Friday, February 26, 2010

When Do Men Wear a Tie and When Don't We

The first thing I noticed when Tiger Woods stepped from behind the blue curtain at PGA Headquarters on Friday morning, to make his first public address in more than two months, was "He's not wearing a tie." I have had an appreciation for the tie since I spent 4 straight hours teaching myself how to tie a perfect double windsor knot from a "How to Tie a Tie" pamphlet back in freshman year of high school. (Yes, that's a true story. And I still have that pamphlet.) However, I have yet to read a pamphlet, manual or bumper sticker that instructs a man when to wear a tie and when to go more casual with an open button. Why exactly don't they teach these things in school?

I've lived by one credo in my life - "If wearing a Sports or Suit Jacket always put a tie in the pocket just in case." However, whenever faced with a confidence in credo problem (as Tiger has these past few months), it helps to have some rules of thumb in place.



Wear a tie:


Weddings and Funerals: I'm pretty sure ties were invented for such occasions, and only worn for these occasions, until Brooks Brothers came on the scene and made it into a multi-billion dollar business.

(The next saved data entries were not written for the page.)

(* Let $\mathcal H$ be a complex Hilbert space and let $\mathbf A=(A_1,\dots,A_m)$ be an $m$-tuple of bounded self-adjoint operators on $\mathcal H$. If $\Lambda_{\hat k}(\mathbf A)\neq\emptyset$ for some integer $\hat k>(m+1)/2$, then $\Lambda_1(\mathbf A)$ is star-shaped and contains $\operatorname{conv}\Lambda_{\hat k}(\mathbf A)$, and every element of $\operatorname{conv}\Lambda_{\hat k}(\mathbf A)$ is a star center of $\Lambda_1(\mathbf A)$.
   Context: For an $m$-tuple $\mathbf A=(A_1,\dots,A_m)$ of bounded self-adjoint operators on a complex Hilbert space $\mathcal H$ and a positive integer $k$, $\Lambda_k(\mathbf A)=\{(a_1,\dots,a_m)\in\mathbb R^m:$ there is an orthogonal projection $P$ of rank $k$ on $\mathcal H$ with $PA_jP=a_jP$ for $j=1,\dots,m\}$; $\Lambda_1(\mathbf A)=\{(\langle A_1x,x\rangle,\dots,\langle A_mx,x\rangle):\|x\|=1\}$ is the joint numerical range. A set $S\subseteq\mathbb R^m$ is star-shaped with star center $\mathbf c\in S$ if for every $\mathbf b\in S$ the segment joining $\mathbf c$ and $\mathbf b$ lies in $S$. $\operatorname{conv}$ denotes convex hull. *)

From HB Require Import structures.
From mathcomp Require Import all_boot all_order all_algebra.
From mathcomp Require Import complex.
From mathcomp Require Import reals.
Set Implicit Arguments. Unset Strict Implicit. Unset Printing Implicit Defensive.
Import Order.TTheory GRing.Theory Num.Theory.
Local Open Scope ring_scope.

Section Hilbert.
Variables (R : realType) (V : lmodType R[i]) (ip : V -> V -> R[i]).

Definition inner_product : Prop :=
  [/\ forall (a : R[i]) (x y z : V), ip (a *: x + y) z = a * ip x z + ip y z,
      forall x y : V, ip y x = (ip x y)^*,
      forall x : V, 0 <= ip x x &
      forall x : V, ip x x = 0 -> x = 0].

Definition hnorm (x : V) : R := Num.sqrt (complex.Re (ip x x)).

Definition complete_ip : Prop :=
  forall u : nat -> V,
    (forall e : R, 0 < e -> exists N, forall p q, (N <= p)%N -> (N <= q)%N ->
        hnorm (u p - u q) < e) ->
    exists x : V, forall e : R, 0 < e -> exists N, forall p, (N <= p)%N ->
        hnorm (u p - x) < e.

Definition hilbert_space : Prop := inner_product /\ complete_ip.

Definition is_linear (T : V -> V) : Prop :=
  forall (a : R[i]) (x y : V), T (a *: x + y) = a *: T x + T y.

Definition bounded_op (T : V -> V) : Prop :=
  is_linear T /\ exists M : R, forall x, hnorm (T x) <= M * hnorm x.

Definition self_adjoint (T : V -> V) : Prop :=
  forall x y, ip (T x) y = ip x (T y).

Definition orth_proj_rank (k : nat) (P : V -> V) : Prop :=
  [/\ is_linear P, forall x, P (P x) = P x, self_adjoint P &
      exists e : 'I_k -> V,
        (forall c : 'I_k -> R[i], \sum_(i < k) c i *: e i = 0 -> forall i, c i = 0) /\
        (forall y, (exists x, P x = y) <->
                   exists c : 'I_k -> R[i], y = \sum_(i < k) c i *: e i)].

Definition Lambda (m : nat) (A : 'I_m -> V -> V) (k : nat) : 'rV[R]_m -> Prop :=
  fun a => exists P : V -> V, orth_proj_rank k P /\
    forall (j : 'I_m) (x : V), P (A j (P x)) = ((a 0 j)%:C)%C *: P x.

End Hilbert.

Definition conv (R : realType) (m : nat) (S : 'rV[R]_m -> Prop) : 'rV[R]_m -> Prop :=
  fun x => exists n (w : 'I_n -> R) (p : 'I_n -> 'rV[R]_m),
    [/\ forall i, 0 <= w i, \sum_(i < n) w i = 1, forall i, S (p i) &
        x = \sum_(i < n) w i *: p i].

Definition star_center (R : realType) (m : nat) (S : 'rV[R]_m -> Prop) (c : 'rV[R]_m) : Prop :=
  S c /\ forall b, S b -> forall t : R, 0 <= t <= 1 -> S ((1 - t) *: c + t *: b).

Definition star_shaped (R : realType) (m : nat) (S : 'rV[R]_m -> Prop) : Prop :=
  exists c, star_center S c.

(* If a lies in Lambda_k(A) via a projection P of rank k > (m+1)/2 and b is
   attained by a unit vector y, the real-linear conditions Re <x, y> = 0 and
   Re <x, A_j y> = 0 (m + 1 of them) leave a nonzero x in the 2k-real-dimensional
   range of P.  For such a unit x, z = sqrt(1-t) x + sqrt(t) y is a unit vector
   with <A_j z, z> = (1-t) a_j + t b_j, so the whole segment [a, b] lies in
   Lambda_1(A).  Iterating over the points of a convex combination gives the
   same for every point of conv Lambda_k(A). *)
From HB Require Import structures.
From mathcomp Require Import all_boot all_order all_algebra.
From mathcomp Require Import complex.
From mathcomp Require Import reals.
From mathcomp Require Import ring zify.
Set Implicit Arguments. Unset Strict Implicit. Unset Printing Implicit Defensive.
Import Order.TTheory GRing.Theory Num.Theory.
Local Open Scope ring_scope.

Lemma exists_nonzero_kernel_row (F : fieldType) n p (M : 'M[F]_(n, p)) :
  (p < n)%N -> exists2 u : 'rV[F]_n, u != 0 & u *m M = 0.
Proof.
move=> ltpn; have : kermx M != 0.
  by rewrite kermx_eq0 /row_free ltn_eqF // (leq_ltn_trans (rank_leq_col M)).
by case/rowV0Pn => u /sub_kermxP uM u_neq0; exists u.
Qed.

Lemma Re_realM (R : rcfType) (r : R) (z : R[i]) :
  complex.Re (r%:C * z)%C = r * complex.Re z.
Proof. by case: z => a b /=; ring. Qed.

Section LinearMaps.
Variables (R : realType) (V : lmodType R[i]) (T : V -> V).
Hypothesis linT : is_linear T.

Lemma is_linear0 : T 0 = 0.
Proof.
apply: (@addrI _ (T 0)); rewrite addr0.
by have := linT 1 0 0; rewrite scaler0 addr0 scale1r.
Qed.

Lemma is_linearD x y : T (x + y) = T x + T y.
Proof. by rewrite -[x]scale1r linT !scale1r. Qed.

Lemma is_linearZ a x : T (a *: x) = a *: T x.
Proof. by rewrite -[a *: x]addr0 linT is_linear0 addr0. Qed.

End LinearMaps.

Section InnerProduct.
Variables (R : realType) (V : lmodType R[i]) (ip : V -> V -> R[i]).
Hypothesis hip : inner_product ip.

Let ipDZl a x y z : ip (a *: x + y) z = a * ip x z + ip y z.
Proof. by case: hip. Qed.

Let ipC x y : ip y x = (ip x y)^*%C.
Proof. by case: hip. Qed.

Let ip_ge0 x : 0 <= ip x x.
Proof. by case: hip. Qed.

Let ip_eq0 x : ip x x = 0 -> x = 0.
Proof. by case: hip => _ _ _; apply. Qed.

Lemma ip0l z : ip 0 z = 0.
Proof.
apply: (@addrI _ (ip 0 z)); rewrite addr0.
by have := ipDZl 1 0 0 z; rewrite scaler0 addr0 mul1r.
Qed.

Lemma ipDl x y z : ip (x + y) z = ip x z + ip y z.
Proof. by have := ipDZl 1 x y z; rewrite scale1r mul1r. Qed.

Lemma ipZl a x z : ip (a *: x) z = a * ip x z.
Proof. by rewrite -[a *: x]addr0 ipDZl ip0l addr0. Qed.

Lemma ipDr x y z : ip z (x + y) = ip z x + ip z y.
Proof. by rewrite (ipC x z) (ipC y z) [LHS]ipC ipDl raddfD. Qed.

Lemma ipZr a x z : ip z (a *: x) = a^*%C * ip z x.
Proof. by rewrite (ipC x z) [LHS]ipC ipZl rmorphM. Qed.

Lemma ip_suml (I : finType) (c : I -> R[i]) (e : I -> V) w :
  ip (\sum_i c i *: e i) w = \sum_i c i * ip (e i) w.
Proof.
elim/big_rec2: _ => [|i y1 y2 _ IH]; first exact: ip0l.
by rewrite ipDl ipZl IH.
Qed.

Lemma ip_selfE x : ip x x = ((complex.Re (ip x x))%:C)%C.
Proof.
have /ger0_Im := ip_ge0 x.
by case: (ip x x) => a b /= ->.
Qed.

Lemma ip_self_gt0 x : x != 0 -> 0 < complex.Re (ip x x).
Proof.
move=> x_neq0; have : 0 < ip x x.
  by rewrite lt_def ip_ge0 andbT; apply: contra_neq x_neq0; apply: ip_eq0.
by rewrite ltcE => /andP[].
Qed.

Lemma exists_unit_rescale x :
  x != 0 -> exists r : R, ip ((r%:C)%C *: x) ((r%:C)%C *: x) = 1.
Proof.
move=> /ip_self_gt0 gt0; exists (Num.sqrt (complex.Re (ip x x)))^-1.
rewrite ipZl ipZr conjc_real mulrA -rmorphM /= [ip x x]ip_selfE -rmorphM /=.
by rewrite -expr2 exprVn sqr_sqrtr ?ltW // mulVf // lt0r_neq0.
Qed.

Lemma ip_comb_Re_orth (T : V -> V) x y (al be : R) :
  is_linear T -> self_adjoint ip T -> complex.Re (ip x (T y)) = 0 ->
  ip (T ((al%:C)%C *: x + (be%:C)%C *: y)) ((al%:C)%C *: x + (be%:C)%C *: y) =
  ((al ^+ 2)%:C)%C * ip (T x) x + ((be ^+ 2)%:C)%C * ip (T y) y.
Proof.
move=> linT saT Re0.
rewrite (is_linearD linT) !(is_linearZ linT) !ipDl !ipZl !ipDr !ipZr !conjc_real.
rewrite (saT x y) (ipC x (T y)).
have : ip x (T y) + (ip x (T y))^*%C = 0 by rewrite addcJ Re0 mulr0.
move: (ip x (T y)) ((ip x (T y))^*%C) => g h /eqP; rewrite addr_eq0 => /eqP ->.
rewrite !rmorphXn /=; ring.
Qed.

(* Re <x, w> is R-linear in x, so q such conditions cut the 2k-dimensional
   real span of k vectors down to a nonzero subspace when q < 2k. *)
Lemma exists_span_Re_orth k q (e : 'I_k -> V) (w : 'I_q -> V) : (q < k + k)%N ->
  exists2 c : 'I_k -> R[i], (exists i, c i != 0) &
    forall j, complex.Re (ip (\sum_i c i *: e i) (w j)) = 0.
Proof.
move=> ltqk.
pose M : 'M[R]_(k + k, q) := \matrix_(l, j)
  match split l with
  | inl i => complex.Re (ip (e i) (w j))
  | inr i => - complex.Im (ip (e i) (w j))
  end.
have [u /rV0Pn [l ul_neq0] uM] := @exists_nonzero_kernel_row _ _ _ M ltqk.
have splitl i : split (lshift k i) = inl i := unsplitK (inl i).
have splitr i : split (rshift k i) = inr i := unsplitK (inr i).
exists (fun i => (u 0 (lshift k i)) +i* (u 0 (rshift k i)))%C.
  rewrite -(splitK l) in ul_neq0; case: (split l) ul_neq0 => i ui_neq0; exists i.
    by apply: contra_neq ui_neq0 => /(congr1 (@complex.Re R)).
  by apply: contra_neq ui_neq0 => /(congr1 (@complex.Im R)).
move=> j; have := congr1 (fun v : 'rV[R]_q => v 0 j) uM.
rewrite !mxE big_split_ord ip_suml raddf_sum /= => uMj.
rewrite -[RHS]uMj -big_split /=; apply: eq_bigr => i _.
by rewrite !mxE splitl splitr; case: (ip (e i) (w j)) => a b /=; ring.
Qed.

Lemma ip_compression (P T : V -> V) (l : R[i]) x :
  self_adjoint ip P -> (forall v, P (T (P v)) = l *: P v) -> P x = x ->
  ip (T x) x = l * ip x x.
Proof. by move=> saP PTP Px; rewrite -{2}Px -saP -{1}Px PTP Px ipZl. Qed.

Variables (m : nat) (A : 'I_m -> V -> V).
Hypothesis hA : forall j, bounded_op ip (A j) /\ self_adjoint ip (A j).

Let linA j : is_linear (A j).
Proof. by case: (hA j) => [[]]. Qed.

Let saA j : self_adjoint ip (A j).
Proof. by case: (hA j). Qed.

(* Points of the joint numerical range, i.e. of Lambda_1 (see [Lambda_jnr] and
   [jnr_Lambda1]), described by the unit vectors attaining them. *)
Definition jnr (a : 'rV[R]_m) : Prop :=
  exists z, ip z z = 1 /\ forall j, ip (A j z) z = ((a 0 j)%:C)%C.

Lemma Lambda_jnr k a : (0 < k)%N -> Lambda ip A k a -> jnr a.
Proof.
move=> k_gt0 [P [[linP PP saP [e [e_free rangeP]]] PAP]].
pose i0 := Ordinal k_gt0.
pose c : 'I_k -> R[i] := fun i => (i == i0)%:R.
have sum_c : \sum_i c i *: e i = e i0.
  rewrite (bigD1 i0) //= big1 ?addr0 /c ?eqxx ?scale1r // => i /negbTE ->.
  by rewrite scale0r.
have Pe : P (e i0) = e i0.
  have [x <-] : exists x, P x = e i0 by apply/rangeP; exists c; rewrite sum_c.
  exact: PP.
have e_neq0 : e i0 != 0.
  apply/eqP => e0; have /eqP := e_free c ltac:(by rewrite sum_c e0) i0.
  by rewrite /c eqxx oner_eq0.
have [r unit_r] := exists_unit_rescale e_neq0.
exists ((r%:C)%C *: e i0); split => // j.
rewrite (ip_compression saP (PAP j)) ?unit_r ?mulr1 //.
by rewrite is_linearZ // Pe.
Qed.

Lemma jnr_Lambda1 a : jnr a -> Lambda ip A 1 a.
Proof.
move=> [z [z1 Az]]; exists (fun v => ip v z *: z); split; last first.
  by move=> j x; rewrite is_linearZ // ipZl Az !scalerA mulrC.
split.
- by move=> a0 x y; rewrite ipDZl scalerDl scalerA.
- by move=> x; rewrite ipZl z1 mulr1.
- by move=> x y; rewrite ipZl ipZr (ipC y z) mulrC.
exists (fun _ => z); split.
  move=> c; rewrite big_ord1 => /(congr1 (ip^~ z)) + i.
  by rewrite ipZl z1 mulr1 ip0l (ord1 i).
move=> y; split.
  by move=> [x <-]; exists (fun _ => ip x z); rewrite big_ord1.
by move=> [c ->]; exists (c ord0 *: z); rewrite big_ord1 ipZl z1 mulr1.
Qed.

Lemma Lambda_segment_jnr k a b t : (m + 1 < 2 * k)%N ->
  Lambda ip A k a -> jnr b -> 0 <= t <= 1 -> jnr ((1 - t) *: a + t *: b).
Proof.
move=> ltmk [P [[linP PP saP [e [e_free rangeP]]] PAP]] [y [y1 Ay]] /andP[t_ge0 t_le1].
pose w : 'I_m.+1 -> V := fun j => if unlift ord_max j is Some j' then A j' y else y.
have [c [i ci_neq0] cw] := @exists_span_Re_orth k m.+1 e w ltac:(lia).
set x := \sum_i c i *: e i in cw.
have Px : P x = x.
  by have [x0 <-] : exists x0, P x0 = x by apply/rangeP; exists c.
have x_neq0 : x != 0 by apply: contra_neq ci_neq0 => /e_free ->.
have [r unit_r] := exists_unit_rescale x_neq0.
set x' := (r%:C)%C *: x in unit_r.
have Px' : P x' = x' by rewrite is_linearZ // Px.
have Re_x' v : complex.Re (ip x v) = 0 -> complex.Re (ip x' v) = 0.
  by rewrite ipZl Re_realM => ->; rewrite mulr0.
have Re_x'y : complex.Re (ip x' y) = 0.
  by apply: Re_x'; have := cw ord_max; rewrite /w unlift_none.
have Re_x'Ay j : complex.Re (ip x' (A j y)) = 0.
  by apply: Re_x'; have := cw (lift ord_max j); rewrite /w liftK.
have t1_ge0 : 0 <= 1 - t by rewrite subr_ge0.
exists (((Num.sqrt (1 - t))%:C)%C *: x' + ((Num.sqrt t)%:C)%C *: y); split.
  rewrite (@ip_comb_Re_orth id) // unit_r y1 !mulr1 !sqr_sqrtr //.
  by rewrite -rmorphD /= subrK.
move=> j; rewrite ip_comb_Re_orth // (ip_compression saP (PAP j)) //.
by rewrite unit_r mulr1 Ay !mxE !sqr_sqrtr // -!rmorphM -rmorphD.
Qed.

Lemma conv_segment_jnr k n (w : 'I_n -> R) (p : 'I_n -> 'rV[R]_m) b t :
  (m + 1 < 2 * k)%N -> (forall i, 0 <= w i) -> (forall i, Lambda ip A k (p i)) ->
  jnr b -> 0 <= t -> \sum_i w i + t = 1 -> jnr (\sum_i w i *: p i + t *: b).
Proof.
move=> ltmk; elim: n w p b t => [|n IH] w p b t w_ge0 Lp jb t_ge0.
  by rewrite !big_ord0 !add0r => ->; rewrite scale1r.
rewrite !big_ord_recr /= -!addrA.
set s := w ord_max; have s_ge0 : 0 <= s by apply: w_ge0.
have IHw := IH (fun i => w (widen_ord (leqnSn n) i)) (fun i => p (widen_ord (leqnSn n) i))
  _ _ (fun i => w_ge0 _) (fun i => Lp _).
have [st0 | st_gt0] := eqVneq (s + t) 0.
  have /andP[/eqP s0 /eqP t0] : (s == 0) && (t == 0) by rewrite -paddr_eq0 // st0.
  rewrite s0 t0 !scale0r !addr0 => sum1.
  by have := IHw b 0 jb (lexx 0); rewrite scale0r !addr0; apply.
have {}st_gt0 : 0 < s + t by rewrite lt_def st_gt0 addr_ge0.
have t'_bounds : 0 <= t / (s + t) <= 1.
  by rewrite (divr_ge0 t_ge0 (ltW st_gt0)) ler_pdivrMr // mul1r lerDr.
have := IHw _ (s + t) (Lambda_segment_jnr ltmk (Lp ord_max) jb t'_bounds) (ltW st_gt0).
suff -> : (s + t) *: ((1 - t / (s + t)) *: p ord_max + t / (s + t) *: b) =
          s *: p ord_max + t *: b by [].
rewrite scalerDr !scalerA mulrBr mulr1 mulrCA divff ?mulr1 ?addrK //.
exact: lt0r_neq0.
Qed.

End InnerProduct.

Theorem theorem3p6 (R : realType) (V : lmodType R[i]) (ip : V -> V -> R[i])
  (hH : hilbert_space ip) (m : nat) (A : 'I_m -> V -> V)
  (hA : forall j, bounded_op ip (A j) /\ self_adjoint ip (A j))
  (khat : nat) (hk : (m + 1 < 2 * khat)%N)
  (hne : exists a, Lambda ip A khat a) :
  [/\ star_shaped (Lambda ip A 1),
      (forall a, conv (Lambda ip A khat) a -> Lambda ip A 1 a) &
      forall c, conv (Lambda ip A khat) c -> star_center (Lambda ip A 1) c].
Proof.
have [hip _] := hH.
have khat_gt0 : (0 < khat)%N by lia.
have [a0 La0] := hne.
have center c : conv (Lambda ip A khat) c -> star_center (Lambda ip A 1) c.
  move=> [n [w [p [w_ge0 sum_w Lp ->]]]]; split.
    apply: jnr_Lambda1 => //.
    have := conv_segment_jnr hip hA hk w_ge0 Lp (Lambda_jnr hip khat_gt0 La0) (lexx 0).
    by rewrite scale0r !addr0 sum_w; apply.
  move=> b Lb t /andP[t_ge0 t_le1]; apply: jnr_Lambda1 => //.
  have w'_ge0 i : 0 <= (1 - t) * w i by rewrite mulr_ge0 ?subr_ge0.
  have := conv_segment_jnr hip hA hk w'_ge0 Lp (Lambda_jnr hip (ltn0Sn 0) Lb) t_ge0.
  rewrite -mulr_sumr sum_w mulr1 subrK scaler_sumr => /(_ erefl).
  by under [in X in X -> _]eq_bigr do rewrite -scalerA.
split; last exact: center; last by move=> a /center [].
exists a0; apply: center; exists 1%N, (fun _ => 1), (fun _ => a0).
by split; rewrite ?big_ord1 ?scale1r.
Qed.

Baptisms, Confirmations and prominent Church-related activities: Most children involved in prominent Church-related activities are wearing some kind of a special robe. Rule of life - don't ever let an infant or kid outdress you in Church. Wear a tie.

Board Room Presentation: If for no other than reason than you will want to take the edge off when you finish your presentation, and what's the most natural way to take the edge off? Loosening a tie. Drink always come second. Don't skip steps.

Job Interview: You want your interviewer to think "Hey, you know, you really wore that tie because of social convention and professional standards, but I kinda feel like you wore it for me and I appreciate it."

Meeting the President of the United States, First Lady, Queen of England, Head of State, etc: When leaving an impression on royalty or high-powered people, you always have a better chance of being remembered if you wear a sharp-looking tie. Skinny white guys can't rely on looks alone to leave an impression. Hypothetically, if I met the First Lady and her Chief of Staff at an event, do I stand a better chance of being remembered with tie or no tie? Let's break that down using the following hypothetical exchange:

Scenario 1: No tie

First Lady Chief of Staff: Did you meet Sean?
First Lady: Who? Not that skinny guy eating all of the shrimp?

Scenario 2: Tie

First Lady Chief of Staff: Did you meet Sean?
First Lady: Oh, the guy in the light blue tie with red starbursts? What a handsome young man.

Don't Wear a tie:

Public Apology about your Mistresses: I think no tie was a good call for Tiger. As mentioned above, a tie reminds people of weddings and religious activities (tie would have only equaled bad irony for Tiger), and doesn't convey the kind humbleness you want in a public apology about mistresses. In fact going one step further, Tiger even made the right button choice. If he goes open collar and leaves the top button unbottoned, he doesn't come across solemn enough. That apology could only have been delivered with no tie and top button closed down.

Meeting a member of the Presidential Cabinet or Deputy Administration staff: if Cabinet members or deputy staff worked a little harder in life, they could have been President. Same goes for my wardrobe - could have worked a little harder but I'm a little more comfortable breathing this way.

Meeting the Parents of a significant other for the first time: Ask yourself this question, if you are going to a place where it's expected that you wear a tie and, at this place, you will be meeting the parents of a significant other for the first time, are you really set up for success? I say no. Do a pre-emptive invite for casual dinner the night before (if tie-mandatory venue is in the morning) or breakfast (if in the afternoon/evening). If unavoidable, well, you better wear that tie. See rules for Wedding, Funerals, Church-related activities, Job Interviews and meeting royalty.